- TASK TO CARRY OUT
What you produce should be every line from the data that includes "Variables".

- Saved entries
== Segment start ==

(* If [Gam (s t) i >= h0], the margin [rho (Gam (s t) i) / 2 >= rho h0 / 2] left
   by halving rho absorbs the perturbation; otherwise both terms of
   [Gam_rho (rho / 2) x i] are small compared with [s t i >= a]. *)
Lemma decay_near_sstar a : 0 < a -> exists eta, 0 < eta /\ forall t, a <= t -> robust_decay t eta.
Proof.
  intros Ha. destruct (Kinf_small rho Hrho (a / 4)) as [d [Hd Hd']]; [lra |].
  assert (Hh0 : 0 < Rmin d (a / 4)) by (apply Rmin_pos; lra).
  pose proof (Rmin_l d (a / 4)). pose proof (Rmin_r d (a / 4)).
  set (h0 := Rmin d (a / 4)) in *.
  assert (Hrh0 : rho h0 <= a / 4) by (apply Hd'; lra).
  pose proof (Kinf_pos rho Hrho h0 Hh0).
  exists (Rmin (rho h0 / 2) (a / 2)). split; [apply Rmin_pos; lra |].
  intros t Ht x Hx i.
  pose proof (Rmin_l (rho h0 / 2) (a / 2)). pose proof (Rmin_r (rho h0 / 2) (a / 2)).
  assert (Hxnn : vnonneg x)
    by (intro j; specialize (Hx j); pose proof (sstar_ge t ltac:(lra) j); lra).
  pose proof (Gam_le Ii gam mu HG x (sstar t) Hxnn (fun j => proj2 (Hx j)) i).
  pose proof (Gam_nonneg Ii gam mu HG x Hxnn i).
  pose proof (sstar_decay t ltac:(lra) i). pose proof (sstar_ge t ltac:(lra) i). specialize (Hx i).
  unfold Gam_rho in *; cbv beta in *.
  set (g := Gam Ii gam mu x i) in *. set (g' := Gam Ii gam mu (sstar t) i) in *.
  pose proof (Kinf_le rho Hrho g g' ltac:(lra) ltac:(lra)).
  destruct (Rle_dec h0 g') as [Hbig | Hsmall].
  - pose proof (Kinf_le rho Hrho h0 g' ltac:(lra) Hbig). lra.
  - pose proof (Kinf_le rho Hrho g h0 ltac:(lra) ltac:(lra)). lra.
Qed.

Lemma exists_decay_tolerances : exists eta : nat -> R, forall n, 0 < eta n /\
  forall t, / (INR n + 1) <= t -> robust_decay t (eta n).
Proof.
  apply (choice (fun n e => 0 < e /\ forall t, / (INR n + 1) <= t -> robust_decay t e)).
  intro n. apply decay_near_sstar, Rinv_0_lt_compat, INR_succ_pos.
Qed.

Lemma decay_of_close_path (eta : nat -> R) (sigma : R -> I -> R) :
  (forall n t, / (INR n + 1) <= t -> robust_decay t (eta n)) ->
  (forall i, sigma 0 i = 0) ->
  (forall t, 0 < t -> exists n, / (INR n + 1) <= t /\
     forall i, sstar t i - eta n <= sigma t i <= sstar t i) ->
  forall r, 0 <= r -> vle (Gam_rho Ii gam mu (fun y => rho y / 2) (sigma r)) (sigma r).
Proof.
  intros Heta H0 Hclose r Hr. destruct (Req_dec r 0) as [-> | Hr0].
  - replace (sigma 0) with (vconst (I := I) 0)
      by (apply functional_extensionality; intro; symmetry; apply H0).
    intro i. rewrite (Gam_rho_vconst0 Ii gam mu HG _ (Kinf_half rho Hrho)). unfold vconst. lra.
  - destruct (Hclose r ltac:(lra)) as [n [Hn Hsig]]. apply (Heta n r Hn), Hsig.
Qed.

End FixedPointPath.

(** * Piecewise linear functions with prescribed slopes *)

(* [ramp_up k] rises with slope 1 on [[k+1, k+2]], [ramp_down k] on
   [[1/(k+2), 1/(k+1)]]; both are constant elsewhere and vanish at 1.  These
   segments tile (0, oo). *)
Definition ramp_up (k : nat) (x : R) : R :=
  Rmin (Rmax x (INR k + 1)) (INR k + 2) - (INR k + 1).

Definition ramp_down (k : nat) (x : R) : R :=
  Rmin (Rmax x (/ (INR k + 2))) (/ (INR k + 1)) - / (INR k + 1).

Definition plin_sum (N : nat) (p q : nat -> R) (x : R) : R :=
  sum_f_R0 (fun k => p k * ramp_up k x + q k * ramp_down k x) N.

Definition covers (N : nat) (x : R) : Prop := 0 < x /\ x <= INR N + 1 /\ / x <= INR N + 1.

Definition plin_index (x : R) : nat := Z.to_nat (up (x + / x)).

(* On (0, oo): the piecewise linear function with slope [p k] on [[k+1, k+2]],
   slope [q k] on [[1/(k+2), 1/(k+1)]] and value 0 at 1. *)
Definition plin (p q : nat -> R) (x : R) : R := plin_sum (plin_index x) p q x.

Definition touches_up (k : nat) (x y : R) : Prop := x < INR k + 2 /\ INR k + 1 < y.

Definition touches_down (k : nat) (x y : R) : Prop := x < / (INR k + 1) /\ / (INR k + 2) < y.

Lemma inv_succ_facts (k : nat) :
  0 < / (INR k + 2) /\ / (INR k + 2) < / (INR k + 1) /\ / (INR k + 1) <= 1.
Proof.
  pose proof (INR_succ_pos k). pose proof (pos_INR k).
  split; [apply Rinv_0_lt_compat; lra |]. split; [apply Rinv_lt_contravar; nra |].
  rewrite <- Rinv_1. apply Rinv_le_contravar; lra.
Qed.

Lemma covers_le (N M : nat) (x : R) : covers N x -> (N <= M)%nat -> covers M x.
Proof. intros [H0 [H1 H2]] HNM. pose proof (le_INR _ _ HNM). repeat split; lra. Qed.

Lemma covers_plin_index (x : R) : 0 < x -> covers (plin_index x) x.
Proof.
  intros Hx. destruct (archimed (x + / x)) as [Hup _].
  pose proof (Rinv_0_lt_compat x Hx).
  assert (Hz : (0 <= up (x + / x))%Z) by (apply le_IZR; lra).
  unfold covers, plin_index. rewrite INR_IZR_INZ, Z2Nat.id by exact Hz. repeat split; lra.
Qed.

Lemma ramps_vanish (k : nat) (x : R) : covers k x -> ramp_up k x = 0 /\ ramp_down k x = 0.
Proof.
  intros [Hx [H1 H2]]. destruct (inv_succ_facts k) as [Ha [Hb _]].
  assert (/ (INR k + 1) <= x).
  { rewrite <- (Rinv_inv x). apply Rinv_le_contravar; [apply Rinv_0_lt_compat |]; lra. }
  unfold ramp_up, ramp_down, Rmin, Rmax. split; repeat destruct Rle_dec; lra.
Qed.

Lemma plin_sum_stable (N M : nat) (p q : nat -> R) (x : R) :
  covers N x -> (N <= M)%nat -> plin_sum M p q x = plin_sum N p q x.
Proof.
  intros Hcov HNM. induction HNM as [| M HNM IH]; [reflexivity |].
  unfold plin_sum in *. rewrite tech5, IH.
  destruct (ramps_vanish (S M) x) as [-> ->]; [apply (covers_le N); auto |]. ring.
Qed.

Lemma plin_eq (N : nat) (p q : nat -> R) (x : R) : covers N x -> plin p q x = plin_sum N p q x.
Proof.
  intros Hcov. unfold plin. pose proof (covers_plin_index x (proj1 Hcov)) as Hidx.
  rewrite <- (plin_sum_stable (plin_index x) (Nat.max N (plin_index x))) by (auto; lia).
  apply plin_sum_stable; [exact Hcov | lia].
Qed.

Lemma sum_ramp_up (N : nat) (x : R) :
  sum_f_R0 (fun k => ramp_up k x) N = Rmin (Rmax x 1) (INR N + 2) - 1.
Proof.
  induction N as [| N IH]; simpl sum_f_R0.
  - unfold ramp_up. simpl INR. replace (0 + 1) with 1 by ring. replace (0 + 2) with 2 by ring. ring.
  - rewrite IH. unfold ramp_up. rewrite S_INR. pose proof (pos_INR N).
    unfold Rmin, Rmax. repeat destruct Rle_dec; lra.
Qed.

Lemma sum_ramp_down (N : nat) (x : R) :
  sum_f_R0 (fun k => ramp_down k x) N = Rmin (Rmax x (/ (INR N + 2))) 1 - 1.
Proof.
  induction N as [| N IH]; simpl sum_f_R0.
  - unfold ramp_down. simpl INR. replace (0 + 1) with 1 by ring. rewrite Rinv_1.
    replace (0 + 2) with 2 by ring. ring.
  - rewrite IH. unfold ramp_down.
    destruct (inv_succ_facts N) as [_ [HN HN1]]. destruct (inv_succ_facts (S N)) as [Ha [Hb _]].
    rewrite S_INR in *. replace (INR N + 1 + 1) with (INR N + 2) in * by ring.
    unfold Rmin, Rmax. repeat destruct Rle_dec; lra.
Qed.

Lemma sum_ramps_incr (N : nat) (x y : R) : covers N x -> covers N y ->
  sum_f_R0 (fun k => (ramp_up k y - ramp_up k x) + (ramp_down k y - ramp_down k x)) N = y - x.
Proof.
  intros [Hx [Hx1 Hx2]] [Hy [Hy1 Hy2]].
  rewrite plus_sum, !minus_sum, !sum_ramp_up, !sum_ramp_down.
  destruct (inv_succ_facts N) as [Ha [Hb Hc]].
  assert (Hinv : forall z, 0 < z -> / z <= INR N + 1 -> / (INR N + 2) <= z).
  { intros z Hz Hzi. rewrite <- (Rinv_inv z).
    apply Rinv_le_contravar; [apply Rinv_0_lt_compat; lra |].
    lra. }
  pose proof (Hinv x Hx Hx2). pose proof (Hinv y Hy Hy2).
  unfold Rmin, Rmax. repeat destruct Rle_dec; lra.
Qed.

Lemma plin_incr_eq (N : nat) (p q : nat -> R) (x y : R) : covers N x -> covers N y ->
  plin p q y - plin p q x =
  sum_f_R0 (fun k => p k * (ramp_up k y - ramp_up k x) + q k * (ramp_down k y - ramp_down k x)) N.
Proof.
  intros Hx Hy. rewrite (plin_eq N p q x Hx), (plin_eq N p q y Hy). unfold plin_sum.
  rewrite <- minus_sum. apply sum_eq. intros. ring.
Qed.

Lemma ramp_up_incr (k : nat) (x y : R) : x <= y ->
  0 <= ramp_up k y - ramp_up k x <= 1 /\ (ramp_up k y - ramp_up k x <> 0 -> touches_up k x y).
Proof.
  intros Hxy. unfold ramp_up, touches_up, Rmin, Rmax.
  repeat destruct Rle_dec; split; try lra; intros; lra.
Qed.

Lemma ramp_down_incr (k : nat) (x y : R) : x <= y ->
  0 <= ramp_down k y - ramp_down k x <= 1 /\
  (ramp_down k y - ramp_down k x <> 0 -> touches_down k x y).
Proof.
  intros Hxy. destruct (inv_succ_facts k) as [Ha [Hb Hc]].
  unfold ramp_down, touches_down, Rmin, Rmax. repeat destruct Rle_dec; split; try lra; intros; lra.
Qed.

Section PlinIncrements.
Variables (p q : nat -> R) (x y : R).
Hypotheses (Hx : 0 < x) (Hxy : x <= y).

Let N := Nat.max (plin_index x) (plin_index y).

Let HNx : covers N x.
Proof. apply (covers_le (plin_index x)); [apply covers_plin_index, Hx | lia]. Qed.

Let HNy : covers N y.
Proof. apply (covers_le (plin_index y)); [apply covers_plin_index; lra | lia]. Qed.

Lemma plin_incr_ge (m : R) :
  (forall k, touches_up k x y -> m <= p k) -> (forall k, touches_down k x y -> m <= q k) ->
  m * (y - x) <= plin p q y - plin p q x.
Proof.
  intros Hp Hq.
  rewrite (plin_incr_eq N p q x y HNx HNy), <- (sum_ramps_incr N x y HNx HNy), scal_sum.
  apply sum_Rle. intros k _.
  destruct (ramp_up_incr k x y Hxy) as [Hu Hu']. destruct (ramp_down_incr k x y Hxy) as [Hd Hd'].
  pose proof (mult_le_on_support m (p k) _ (proj1 Hu) (fun H => Hp k (Hu' H))).
  pose proof (mult_le_on_support m (q k) _ (proj1 Hd) (fun H => Hq k (Hd' H))). lra.
Qed.

Lemma plin_incr_le (M : R) :
  (forall k, touches_up k x y -> p k <= M) -> (forall k, touches_down k x y -> q k <= M) ->
  plin p q y - plin p q x <= M * (y - x).
Proof.
  intros Hp Hq.
  rewrite (plin_incr_eq N p q x y HNx HNy), <- (sum_ramps_incr N x y HNx HNy), scal_sum.
  apply sum_Rle. intros k _.
  destruct (ramp_up_incr k x y Hxy) as [Hu Hu']. destruct (ramp_down_incr k x y Hxy) as [Hd Hd'].
  pose proof (mult_le_on_support (p k) M _ (proj1 Hu) (fun H => Hp k (Hu' H))).
  pose proof (mult_le_on_support (q k) M _ (proj1 Hd) (fun H => Hq k (Hd' H))). lra.
Qed.

(* Each segment contributes at most its slope, the slopes being summable. *)
Lemma plin_incr_le_geometric (B : R) : 0 <= B -> (forall k, 0 <= p k /\ 0 <= q k) ->
  (forall k, touches_up k x y -> p k <= B / 2 ^ (k + 3)) ->
  (forall k, touches_down k x y -> q k <= B / 2 ^ (k + 3)) ->
  plin p q y - plin p q x <= B / 2.
Proof.
  intros HB Hpq Hp Hq. rewrite (plin_incr_eq N p q x y HNx HNy).
  apply Rle_trans with (sum_f_R0 (fun k => / 2 ^ (k + 3) * (2 * B)) N).
  - apply sum_Rle. intros k _.
    destruct (ramp_up_incr k x y Hxy) as [Hu Hu']. destruct (ramp_down_incr k x y Hxy) as [Hd Hd'].
    destruct (Hpq k) as [Hp0 Hq0].
    assert (Hw : 0 <= B / 2 ^ (k + 3)) by (apply Rdiv_le_0_compat; [exact HB | apply pow_lt; lra]).
    pose proof (mult_le_on_support (p k) (B / 2 ^ (k + 3)) _ (proj1 Hu) (fun H => Hp k (Hu' H))).
    pose proof (mult_le_on_support (q k) (B / 2 ^ (k + 3)) _ (proj1 Hd) (fun H => Hq k (Hd' H))).
    unfold Rdiv in *. nra.
  - rewrite <- scal_sum. pose proof (sum_geometric_le N). nra.
Qed.

End PlinIncrements.
Variables b K a1 a2 ah m0 m1 m2 m3 m4 : R.
Variables S I1 I2 I12 Rc N : R -> R.
Hypotheses (Hb : 0 < b) (HK : 0 < K) (Ha1 : 0 < a1) (Ha2 : 0 < a2) (Hah : 0 < ah).
Hypotheses (Hm0b : m0 < b) (Hm04 : m0 < m4) (Hm41 : m4 < m1) (Hm42 : m4 < m2) (Hm43 : m4 < m3)
  (Hm1b : m1 < b) (Hm2b : m2 < b) (Hm3b : m3 < b).

Local Notation Sstar := (K / b * (b - m0)).
Local Notation excess_mortality t :=
  ((m1 - m0) * I1 t + (m2 - m0) * I2 t + (m3 - m0) * I12 t + (m4 - m0) * Rc t).

Hypothesis Hthr : Sstar < Rmin ((m1 - m0) / a1) (Rmin ((m2 - m0) / a2) ((m3 - m0) / ah)).
Hypothesis HN : forall t, N t = S t + I1 t + I2 t + I12 t + Rc t.
Hypothesis Hpos : forall t, 0 <= t ->
  0 < S t /\ 0 <= I1 t /\ 0 <= I2 t /\ 0 <= I12 t /\ 0 <= Rc t.
Hypothesis HdS : forall t, 0 < t ->
  is_derive S t ((b * (1 - N t / K) - a1 * I1 t - a2 * I2 t - ah * I12 t - m0) * S t).
Hypothesis HdN : forall t, 0 < t ->
  is_derive N t (b * (1 - N t / K) * N t - m0 * S t - m1 * I1 t - m2 * I2 t - m3 * I12 t
                 - m4 * Rc t).

Lemma N_pos t : 0 <= t -> 0 < N t.
Proof. intros Ht; rewrite HN; destruct (Hpos t Ht) as (? & ? & ? & ? & ?); lra. Qed.

Lemma N_growth_eq t :
  b * (1 - N t / K) * N t - m0 * S t - m1 * I1 t - m2 * I2 t - m3 * I12 t - m4 * Rc t
  = b / K * (Sstar - N t) * N t - excess_mortality t.
Proof. rewrite HN; field; lra. Qed.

== Segment end ==

- EXERCISE ANSWER
Variables (p q : nat -> R) (x y : R).
Variables b K a1 a2 ah m0 m1 m2 m3 m4 : R.
Variables S I1 I2 I12 Rc N : R -> R.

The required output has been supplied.